Among other measures, Member States can support other Member States under migratory pressure through financial contributions, which will be implemented through the EU budget. This means that financial contributions from contributing Member States will be made to the EU budget in the form of external assigned revenue under the Asylum, Migration and Integration Fund (AMIF) and the Border Management and Visa Policy Instrument (BMVI). These additional financial resources will subsequently be channelled by the Commission to the benefitting Member States through the modification of their respective programmes.

The benefitting Member States can use financial contributions for relevant actions in their territory, in line with the Asylum Migration Management Regulation and of the AMIF or BMVI Regulation. In the case of AMIF, financial contributions can also support actions in third countries. 

Clearer rules on responsibility for asylum applications

What is a ‘responsibility offset'? When can these be used?

If a Member State is under migratory pressure, an important measure to alleviate this pressure is reducing the number of asylum applications that the Member State concerned is required to examine (i.e. the Member State under migratory pressure is alleviated of the responsibility for a given number of asylum applicants). The AMMR foresees two possibilities for reducing the responsibility of the Member State under migratory pressure for a given number of asylum applicants:

  1. Relocation of applicants for international protection to other Member States. In this case, an applicant is transferred to another Member State.
  2. Responsibility offsets'. This measure covers those whose asylum applications should have been examined by the Member State under migratory pressure but who moved to another Member State in an unauthorised way. Under the responsibility rules, these applicants should be sent back to the Member State under migratory pressure. However, the Member State where the applicant is physically present can take the responsibility to examine the asylum application instead of transferring the applicant back to the Member State under migratory pressure. This is counted as a form of solidarity.

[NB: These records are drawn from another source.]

Lemma f_piece_mono j t : (j < N)%nat -> x j <= t <= x (S j) -> f (x j) <= f t <= f (x (S j)).
Proof.
  intros Hj Ht. pose proof (x_incr j Hj). pose proof (powerRZ_lt 2 (a j) ltac:(lra)).
  rewrite (f_on_piece j t Hj Ht), (f_on_piece j (x (S j)) Hj) by lra. nra.
Qed.

Lemma f_mono_below j : (j <= N)%nat -> forall t, 0 <= t <= x j -> f 0 <= f t <= f (x j).
Proof.
  induction j as [|j IH]; intros Hj t Ht.
  - rewrite x_0 in *. replace t with 0 by lra. lra.
  - pose proof (x_incr j ltac:(lia)). pose proof (breakpoint_nonneg j ltac:(lia)).
    pose proof (f_piece_mono j (x (S j)) ltac:(lia) ltac:(lra)).
    specialize (IH ltac:(lia)).
    destruct (Rle_dec t (x j)).
    + specialize (IH t ltac:(lra)). lra.
    + pose proof (f_piece_mono j t ltac:(lia) ltac:(lra)). specialize (IH (x j) ltac:(lra)). lra.
Qed.

Hypothesis f_bij : bij01 f.

Lemma PL_fix_0 : f 0 = 0.
Proof.
  destruct f_bij as [Hrange [_ Honto]]. destruct (Honto 0 ltac:(lra)) as [y [Hy Hfy]].
  pose proof (f_mono_below N ltac:(lia) y ltac:(rewrite x_N; lra)).
  pose proof (Hrange 0 ltac:(lra)). lra.
Qed.

Lemma PL_fix_1 : f 1 = 1.
Proof.
  destruct f_bij as [Hrange [_ Honto]]. destruct (Honto 1 ltac:(lra)) as [y [Hy Hfy]].
  pose proof (f_mono_below N ltac:(lia) y ltac:(rewrite x_N; lra)). rewrite x_N in *.
  pose proof (Hrange 1 ltac:(lra)). lra.
Qed.

Lemma f_breakpoint_dyadic j : (j <= N)%nat -> dyadic (f (x j)).
Proof.
  induction j as [|j IH]; intro Hj.
  - rewrite x_0, PL_fix_0. exists 0%Z, 0%nat. simpl. lra.
  - rewrite (f_on_piece j (x (S j))) by (try pose proof (x_incr j ltac:(lia)); lia || lra).
    replace (f (x j) + powerRZ 2 (a j) * (x (S j) - x j))
      with (f (x j) + IZR 1 * (powerRZ 2 (a j) * (x (S j) + IZR (-1) * x j))) by (simpl; ring).
    apply dyadic_lin; [apply IH; lia |]. apply dyadic_scale, dyadic_lin; apply x_dyadic; lia.
Qed.

Lemma piece_of t : 0 <= t < 1 -> exists j, (j < N)%nat /\ x j <= t < x (S j).
Proof.
  intro Ht.
  assert (H : forall m, (m <= N)%nat -> t < x m -> exists j, (j < m)%nat /\ x j <= t < x (S j)).
  { induction m as [|m IH]; intros Hm Htm; [rewrite x_0 in Htm; lra |].
    destruct (Rlt_dec t (x m)) as [Hlt | Hge].
    - destruct (IH ltac:(lia) Hlt) as [j [Hj Hjt]]. exists j. split; [lia | exact Hjt].
    - exists m. split; [lia | lra]. }
  destruct (H N ltac:(lia) ltac:(rewrite x_N; lra)) as [j Hj]. now exists j.
Qed.

Lemma maps_cell_in_piece j L M i : (j < N)%nat -> (a j + Z.of_nat M)%Z = Z.of_nat L ->
  on_grid M (f (x j)) -> on_grid L (x j) -> on_grid L (x (S j)) ->
  x j <= IZR i / 2 ^ L < x (S j) -> exists p, maps_cell f L i M p.
Proof.
  intros Hj HaML [w Ew] [y1 Ey1] [y2 Ey2] [Hxj1 Hxj2]. pose proof (two_pow_pos L) as HL.
  assert (Hy1 : (y1 <= i)%Z) by (apply le_IZR; rewrite <- Ey1; now apply Rle_div_r).
  assert (Hy2 : (i < y2)%Z) by (apply lt_IZR; rewrite <- Ey2; now apply Rlt_div_l).
  exists (w + i - y1)%Z. intros t [Ht1 Ht2].
  assert (Htj : x j <= t <= x (S j)).
  { apply (Rle_trans _ _ (IZR y2)) in Ht2; [| rewrite <- plus_IZR; apply IZR_le; lia].
    apply (Rle_trans (IZR y1)) in Ht1; [| apply IZR_le; lia].
    split; apply (Rmult_le_reg_r (2 ^ L)); lra. }
  rewrite (f_on_piece j t Hj Htj), Rmult_plus_distr_r, Ew, Rmult_assoc, (Rmult_comm (t - x j)),
    <- Rmult_assoc, (powerRZ_two_pow _ M L HaML).
  rewrite !minus_IZR, plus_IZR, <- Ey1. ring.
Qed.

(* [L0] puts all breakpoints and their images on the grid and [A] bounds the slope
   exponents, so each level-[L0 + A] cell lies in a single piece [j] and is mapped onto a
   cell of level [L0 + A - a j >= L0]. *)
Lemma PL_cell_affine : exists L, cell_affine f L 0.
Proof.
  destruct (uniform_bound (fun j k => on_grid k (x j) /\ on_grid k (f (x j))) (S N)) as [L0 HL0].
  { intros j k k' Hk [H1 H2]. split; eapply on_grid_mono; eauto. }
  { intros j Hj.
    destruct (on_grid_of_dyadic _ (x_dyadic j ltac:(lia))) as [k1 H1].
    destruct (on_grid_of_dyadic _ (f_breakpoint_dyadic j ltac:(lia))) as [k2 H2].
    exists (Nat.max k1 k2).
    split; [apply (on_grid_mono k1) | apply (on_grid_mono k2)]; auto; lia. }
  destruct (uniform_bound (fun j k => (a j <= Z.of_nat k)%Z) N) as [A HA].
  { intros j k k' Hk H. lia. }
  { intros j Hj. exists (Z.to_nat (a j)). lia. }
  exists (L0 + A)%nat. intros i Hi. pose proof (two_pow_pos (L0 + A)).
  assert (Hc : 0 <= IZR i / 2 ^ (L0 + A) < 1).
  { assert (IZR i + 1 <= 2 ^ (L0 + A)) by (rewrite <- IZR_pow2, <- plus_IZR; apply IZR_le; lia).
    assert (0 <= IZR i) by (apply IZR_le; lia).
    split; [apply Rle_mult_inv_pos | apply Rlt_div_l]; lra. }
  destruct (piece_of _ Hc) as [j [Hj Hxj]].
  destruct (HL0 j ltac:(lia)) as [Hgx Hgf]. destruct (HL0 (S j) ltac:(lia)) as [Hgx' _].
  specialize (HA j Hj).
  set (M := (L0 + Z.to_nat (Z.of_nat A - a j))%nat).
  destruct (maps_cell_in_piece j (L0 + A) M i Hj) as [p Hp];
    [unfold M; lia | apply (on_grid_mono L0); [unfold M; lia | exact Hgf] |
     apply (on_grid_mono L0); [lia | exact Hgx] | apply (on_grid_mono L0); [lia | exact Hgx'] |
     exact Hxj |].
  exists M, p. split; [lia | exact Hp].
Qed.

End PiecewiseLinear.

Lemma cell_affine_PL f N L : cell_affine f N L -> PL_dyadic f.
Proof.
  intro Hf.
  destruct (functional_choice (fun (j : nat) (Mp : nat * Z) => (j < Z.to_nat (pow2 N))%nat ->
              maps_cell f N (Z.of_nat j) (fst Mp) (snd Mp))) as [F HF].
  { intro j. destruct (lt_dec j (Z.to_nat (pow2 N))) as [Hj | Hj].
    - destruct (Hf (Z.of_nat j)) as [M [p [_ Hp]]]; [lia |]. now exists (M, p).
    - exists (0%nat, 0%Z). intro; lia. }
  exists (Z.to_nat (pow2 N)), (fun j => INR j / 2 ^ N),
    (fun j => (Z.of_nat N - Z.of_nat (fst (F j)))%Z),
    (fun j => (IZR (snd (F j)) - INR j) / 2 ^ fst (F j)).
  repeat split.
  - simpl. lra.
  - apply grid_last.
  - intros j _. exists (Z.of_nat j), N. now rewrite INR_IZR_INZ.
  - intros j _. apply grid_lt.
  - intros j Hj t Ht. pose proof (two_pow_pos (fst (F j))).
    assert (Hpow : powerRZ 2 (Z.of_nat N - Z.of_nat (fst (F j))) * 2 ^ fst (F j) = 2 ^ N)
      by (apply powerRZ_two_pow; lia).
    apply (Rmult_eq_reg_r (2 ^ fst (F j))); [| lra].
    rewrite (HF j Hj t (in_cell_grid N j t Ht)), <- INR_IZR_INZ, Rmult_plus_distr_r, <- Hpow.
    field. lra.
Qed.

As the objective of both measures is to reduce the number of applicants whose asylum applications should be the responsibility of the Member State under migratory pressure, these two measures - relocation and responsibility offsets - are called ‘people solidarity'.

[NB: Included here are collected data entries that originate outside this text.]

(* Let $d\ge2$ be an integer, let $\lambda,D_1,\dots,D_d$ be real constants and $D=\sum_{i=1}^dD_i$. There exists $L=(L_1,\dots,L_d)\in C^1([0,1];\mathbb{R}^d)$ satisfying $$L_i'=-\Big(\sum_{k=1}^dL_k\Big)L_i-\lambda\ \text{ on }[0,1]\quad\text{and}\quad\int_0^1L_i(r)\,dr=D_i\qquad(i=1,\dots,d)$$ if and only if $\lambda<\pi^2/d$. Moreover, such a solution is unique. *)

From Stdlib Require Import Reals.
From Coquelicot Require Import Coquelicot.
Open Scope R_scope.

Definition I01 (x : R) : Prop := 0 <= x <= 1.

Fixpoint sumR (n : nat) (f : nat -> R) : R :=
  match n with
  | O => 0
  | S m => sumR m f + f m
  end.

Definition deriv_on01 (f f' : R -> R) : Prop :=
  forall x, I01 x ->
    filterlim (fun h => (f (x + h) - f x) / h)
      (within (fun h => h <> 0 /\ I01 (x + h)) (locally 0))
      (locally (f' x)).

Definition cont_on01 (g : R -> R) : Prop :=
  forall x, I01 x -> filterlim g (within I01 (locally x)) (locally (g x)).

Definition C1_on01_with (f f' : R -> R) : Prop :=
  deriv_on01 f f' /\ cont_on01 f'.

Definition IsSol (d : nat) (lam : R) (Dc : nat -> R) (L : nat -> R -> R) : Prop :=
  exists L' : nat -> R -> R,
    forall i, (i < d)%nat ->
      C1_on01_with (L i) (L' i) /\
      (forall r, I01 r -> L' i r = - (sumR d (fun k => L k r)) * L i r - lam) /\
      is_RInt (L i) 0 1 (Dc i).

From Stdlib Require Import Reals Lra Lia Psatz.
From Coquelicot Require Import Coquelicot.
Open Scope R_scope.

(* Summing the equations, S = sum_k L_k solves the Riccati equation S' = - S^2 - d lam.
   If d lam = w^2 > 0, then atan (S / w) + w r is constant on [0,1], and since atan takes
   values in (-pi/2, pi/2) this forces w < pi.  Conversely, if d lam < pi^2, the equation
   u'' = - d lam u has a solution s vanishing at 0 and positive on (0,1]; then
   u r = s (1 - r) + e^D s r is positive with ln u(1) - ln u(0) = D, and S = u'/u.
   Uniqueness: the difference of two solutions of the Riccati equation, and then of two
   components L_i, solves a linear equation V' = - P V with zero mean; such a V is V(0)
   times a positive function, hence vanishes. *)

Definition continuous01_at (g : R -> R) (x : R) : Prop :=
  filterlim g (within I01 (locally x)) (locally (g x)).

Lemma continuous01_at_of_continuous (g : R -> R) (x : R) :
  continuous g x -> continuous01_at g x.
Proof. apply filterlim_filter_le_1, filter_le_within; apply locally_filter. Qed.

Lemma continuous01_at_comp (f h : R -> R) (x : R) :
  continuous01_at f x -> continuous h (f x) -> continuous01_at (fun y => h (f y)) x.
Proof. intros Hf Hh. eapply filterlim_comp; [exact Hf | exact Hh]. Qed.

Lemma continuous01_at_plus (f g : R -> R) (x : R) :
  continuous01_at f x -> continuous01_at g x -> continuous01_at (fun y => f y + g y) x.
Proof.
  intros Hf Hg. eapply filterlim_comp_2; [exact Hf | exact Hg |].
  apply (filterlim_plus (V := R_NormedModule)).
Qed.

Lemma continuous01_at_mult (f g : R -> R) (x : R) :
  continuous01_at f x -> continuous01_at g x -> continuous01_at (fun y => f y * g y) x.
Proof.
  intros Hf Hg. eapply filterlim_comp_2; [exact Hf | exact Hg |].
  apply (filterlim_mult (K := R_AbsRing)).
Qed.

Lemma continuous01_at_opp (f : R -> R) (x : R) :
  continuous01_at f x -> continuous01_at (fun y => - f y) x.
Proof.
  intros Hf. eapply filterlim_comp; [exact Hf |].
  apply (filterlim_opp (V := R_NormedModule)).
Qed.

Lemma continuous01_at_minus (f g : R -> R) (x : R) :
  continuous01_at f x -> continuous01_at g x -> continuous01_at (fun y => f y - g y) x.
Proof. intros Hf Hg. now apply continuous01_at_plus, continuous01_at_opp. Qed.

Lemma continuous01_at_sumR (n : nat) (L : nat -> R -> R) (x : R) :
  (forall k, (k < n)%nat -> continuous01_at (L k) x) ->
  continuous01_at (fun r => sumR n (fun k => L k r)) x.
Proof.
  induction n as [|n IH]; intros HL; simpl.
  - apply continuous01_at_of_continuous, continuous_const.
  - apply continuous01_at_plus; [apply IH; intros k Hk|]; apply HL; lia.
Qed.

Lemma cont_on01_of_continuous (g : R -> R) : (forall x, I01 x -> continuous g x) -> cont_on01 g.
Proof. intros Hg x Hx. now apply continuous01_at_of_continuous, Hg. Qed.

Lemma is_derive_of_deriv_on01 (f f' : R -> R) (x : R) :
  deriv_on01 f f' -> 0 < x < 1 -> is_derive f x (f' x).
Proof.
  intros Hf Hx. apply is_derive_Reals. intros eps Heps.
  destruct (Hf x (conj (Rlt_le _ _ (proj1 Hx)) (Rlt_le _ _ (proj2 Hx)))
              (fun y => Rabs (y - f' x) < eps) (locally_ball _ (mkposreal _ Heps)))
    as [del Hdel].
  assert (Hr : 0 < Rmin del (Rmin x (1 - x))).
  { apply Rmin_glb_lt; [apply cond_pos | apply Rmin_glb_lt; lra]. }
  exists (mkposreal _ Hr). intros h Hh Hlt. simpl in Hlt.
  pose proof (Rmin_l del (Rmin x (1 - x))). pose proof (Rmin_r del (Rmin x (1 - x))).
  pose proof (Rmin_l x (1 - x)). pose proof (Rmin_r x (1 - x)).
  apply Hdel.
  - change (Rabs (h - 0) < del). rewrite Rminus_0_r. lra.
  - split; [exact Hh|]. pose proof (Rabs_def2 _ _ Hlt). unfold I01. lra.
Qed.

Lemma cont_on01_of_deriv_on01 (f f' : R -> R) : deriv_on01 f f' -> cont_on01 f.
Proof.
  intros Hf x Hx.
  set (F := within (fun h => h <> 0 /\ I01 (x + h)) (locally 0)).
  assert (Hinc : filterlim (fun h => f x + (f (x + h) - f x) / h * h) F
                   (locally (f x + f' x * 0))).
  { eapply filterlim_comp_2;
      [apply filterlim_const | | apply (filterlim_plus (V := R_NormedModule))].
    eapply filterlim_comp_2; [exact (Hf x Hx) | | apply (filterlim_mult (K := R_AbsRing))].
    eapply filterlim_filter_le_1; [|apply filterlim_id].
    apply filter_le_within; apply locally_filter. }
  rewrite Rmult_0_r, Rplus_0_r in Hinc.
  intros P HP. destruct (Hinc P HP) as [del Hdel].
  exists del. intros y Hy HIy; change R in y.
  destruct (Req_dec y x) as [->|Hne]; [exact (locally_singleton _ _ HP)|].
  replace y with (x + (y - x)) by ring.
  replace (f (x + (y - x))) with (f x + (f (x + (y - x)) - f x) / (y - x) * (y - x))
    by (field; lra).
  apply Hdel.
  - change (Rabs (y - x - 0) < del). rewrite Rminus_0_r. exact Hy.
  - split; [lra|]. now replace (x + (y - x)) with y by ring.
Qed.

Lemma deriv_on01_of_is_derive (f f' : R -> R) :
  (forall x, I01 x -> is_derive f x (f' x)) -> deriv_on01 f f'.
Proof.
  intros Hf x Hx. apply filterlim_locally. intros eps.
  destruct (proj1 (is_derive_Reals f x (f' x)) (Hf x Hx) eps (cond_pos eps)) as [del Hdel].
  exists del. intros h Hh [Hh0 _]. apply Hdel; [exact Hh0|].
  change (Rabs (h - 0) < del) in Hh. now rewrite Rminus_0_r in Hh.
Qed.

Definition clamp01 (x : R) : R := Rmax 0 (Rmin 1 x).

Lemma clamp01_I01 (x : R) : I01 (clamp01 x).
Proof. unfold clamp01, I01, Rmax, Rmin. repeat destruct Rle_dec; lra. Qed.

Lemma clamp01_id (x : R) : I01 x -> clamp01 x = x.
Proof. unfold clamp01, I01, Rmax, Rmin. repeat destruct Rle_dec; lra. Qed.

Preventing secondary movements

How are abuses – such as absconding or secondary movements – prevented?

The obligations for applicants have been made clearer and stricter.

The AMMR enhances the rules covering situations where asylum applicants move in an unauthorised way from one Member State to another. The Member State responsible will be indicated in the Eurodac system. If the applicant absconds and goes to another Member State, they can be sent back through a simpler and faster process.

The Member State where the person is present without any (legal) reason can notify the Member State responsible, using a standard form and including proof and circumstantial evidence, and, after notifying the person concerned, proceed swiftly with the decision to transfer them to the Member State responsible.

Unlike under the previous rules, there is no shift of responsibility between Member States if a ‘take-back' notification is not sent on time (by the Member State on whose territory the person is present). This means that Member State authorities can organise a transfer at any time. This is particularly relevant in cases where applicants have absconded to prevent transfers back to the Member State in charge.